Lemma kpref_extraction (B : seq G) i :
  let P := kpref G ls (size B) (size ls) in (i <= size ls)%N ->
  exists Ts R, [/\ (size Ts)%:Z = \sum_(j < i) nth 0 P j,
                   (forall T, T \in Ts -> minimal_zero_sum T),
                   perm_eq B (flatten Ts ++ R) &
                   (size B)%:Z - kweight ls P i <= (size R)%:Z].
Proof.
move=> P; elim: i => [|i IH] hi.
  by exists [::], B; rewrite /kweight !big_ord0 subr0.
have [Ts [R [hsz hall hp hR]]] := IH (ltnW hi).
have [Ts' [R' [hsz' hall' hp' hR']]] := kval_extraction (nth 0%N ls i) hR.
exists (Ts ++ Ts'), R'; split.
- by rewrite size_cat PoszD hsz hsz' big_ord_recr /= nth_kpref.
- by move=> T; rewrite mem_cat => /orP [/hall|/hall'].
- by rewrite flatten_cat -catA; apply: (perm_trans hp); rewrite perm_cat2l.
- by rewrite kweightS /P nth_kpref.
Qed.

Lemma exists_factorization_ge_ktot (B : seq G) :
  zero_sum B -> exists t : nat, in_L B t /\ ktot G ls (size B) <= t%:Z.
Proof.
move=> hB; have [Ts [R [hsz hall hp hR]]] := kpref_extraction B (leqnn (size ls)).
have hzR : zero_sum R.
  by apply: zero_sum_perm_catr hp hB _; apply: zero_sum_flatten => T /hall [].
have [Ts' [hall' hp']] := zero_sum_factorization hzR.
exists (size (Ts ++ Ts')); split.
  exists (Ts ++ Ts'); split=> //.
    by move=> T; rewrite mem_cat => /orP [/hall|/hall'].
  by rewrite flatten_cat; apply: (perm_trans hp); rewrite perm_cat2l.
rewrite /ktot size_cat PoszD -hsz lerD2l klastE.
have [->|hD] := posnP (Dav G); first by rewrite invr0 mulr0 ceil0 maxxx.
apply: max0_ceil_div_le; apply: (le_trans hR); rewrite lez_nat.
exact: size_factorization_le_Dav hall' hp'.
Qed.

Lemma has_disjoint_zs_of_lt_ktot (S : seq G) k :
  k%:Z < ktot G ls (size S).+1 -> has_disjoint_zs k S.
Proof.
move=> hk; have [t [[Ts [hsz hall hp]] ht]] :=
  exists_factorization_ge_ktot (zero_sum_rcons_opp S).
apply: has_disjoint_zs_rcons hall hp _; rewrite hsz -(ltz_nat k).
by apply: (lt_le_trans _ ht); rewrite size_rcons.
Qed.

End Factorizations.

### What needs to be done:
Above are the records; retype every one exactly.

### Exercise answer:
Lemma kpref_extraction (B : seq G) i :
  let P := kpref G ls (size B) (size ls) in (i <= size ls)%N ->
  exists Ts R, [/\ (size Ts)%:Z = \sum_(j < i) nth 0 P j,
                   (forall T, T \in Ts -> minimal_zero_sum T),
                   perm_eq B (flatten Ts ++ R) &
                   (size B)%:Z - kweight ls P i <= (size R)%:Z].
Proof.
move=> P; elim: i => [|i IH] hi.
  by exists [::], B; rewrite /kweight !big_ord0 subr0.
have [Ts [R [hsz hall hp hR]]] := IH (ltnW hi).
have [Ts' [R' [hsz' hall' hp' hR']]] := kval_extraction (nth 0%N ls i) hR.
exists (Ts ++ Ts'), R'; split.
- by rewrite size_cat PoszD hsz hsz' big_ord_recr /= nth_kpref.
- by move=> T; rewrite mem_cat => /orP [/hall|/hall'].
- by rewrite flatten_cat -catA; apply: (perm_trans hp); rewrite perm_cat2l.
- by rewrite kweightS /P nth_kpref.
Qed.

Lemma exists_factorization_ge_ktot (B : seq G) :
  zero_sum B -> exists t : nat, in_L B t /\ ktot G ls (size B) <= t%:Z.
Proof.
move=> hB; have [Ts [R [hsz hall hp hR]]] := kpref_extraction B (leqnn (size ls)).
have hzR : zero_sum R.
  by apply: zero_sum_perm_catr hp hB _; apply: zero_sum_flatten => T /hall [].
have [Ts' [hall' hp']] := zero_sum_factorization hzR.
exists (size (Ts ++ Ts')); split.
  exists (Ts ++ Ts'); split=> //.
    by move=> T; rewrite mem_cat => /orP [/hall|/hall'].
  by rewrite flatten_cat; apply: (perm_trans hp); rewrite perm_cat2l.
rewrite /ktot size_cat PoszD -hsz lerD2l klastE.
have [->|hD] := posnP (Dav G); first by rewrite invr0 mulr0 ceil0 maxxx.
apply: max0_ceil_div_le; apply: (le_trans hR); rewrite lez_nat.
exact: size_factorization_le_Dav hall' hp'.
Qed.

Lemma has_disjoint_zs_of_lt_ktot (S : seq G) k :
  k%:Z < ktot G ls (size S).+1 -> has_disjoint_zs k S.
Proof.
move=> hk; have [t [[Ts [hsz hall hp]] ht]] :=
  exists_factorization_ge_ktot (zero_sum_rcons_opp S).
apply: has_disjoint_zs_rcons hall hp _; rewrite hsz -(ltz_nat k).
by apply: (lt_le_trans _ ht); rewrite size_rcons.
Qed.

End Factorizations.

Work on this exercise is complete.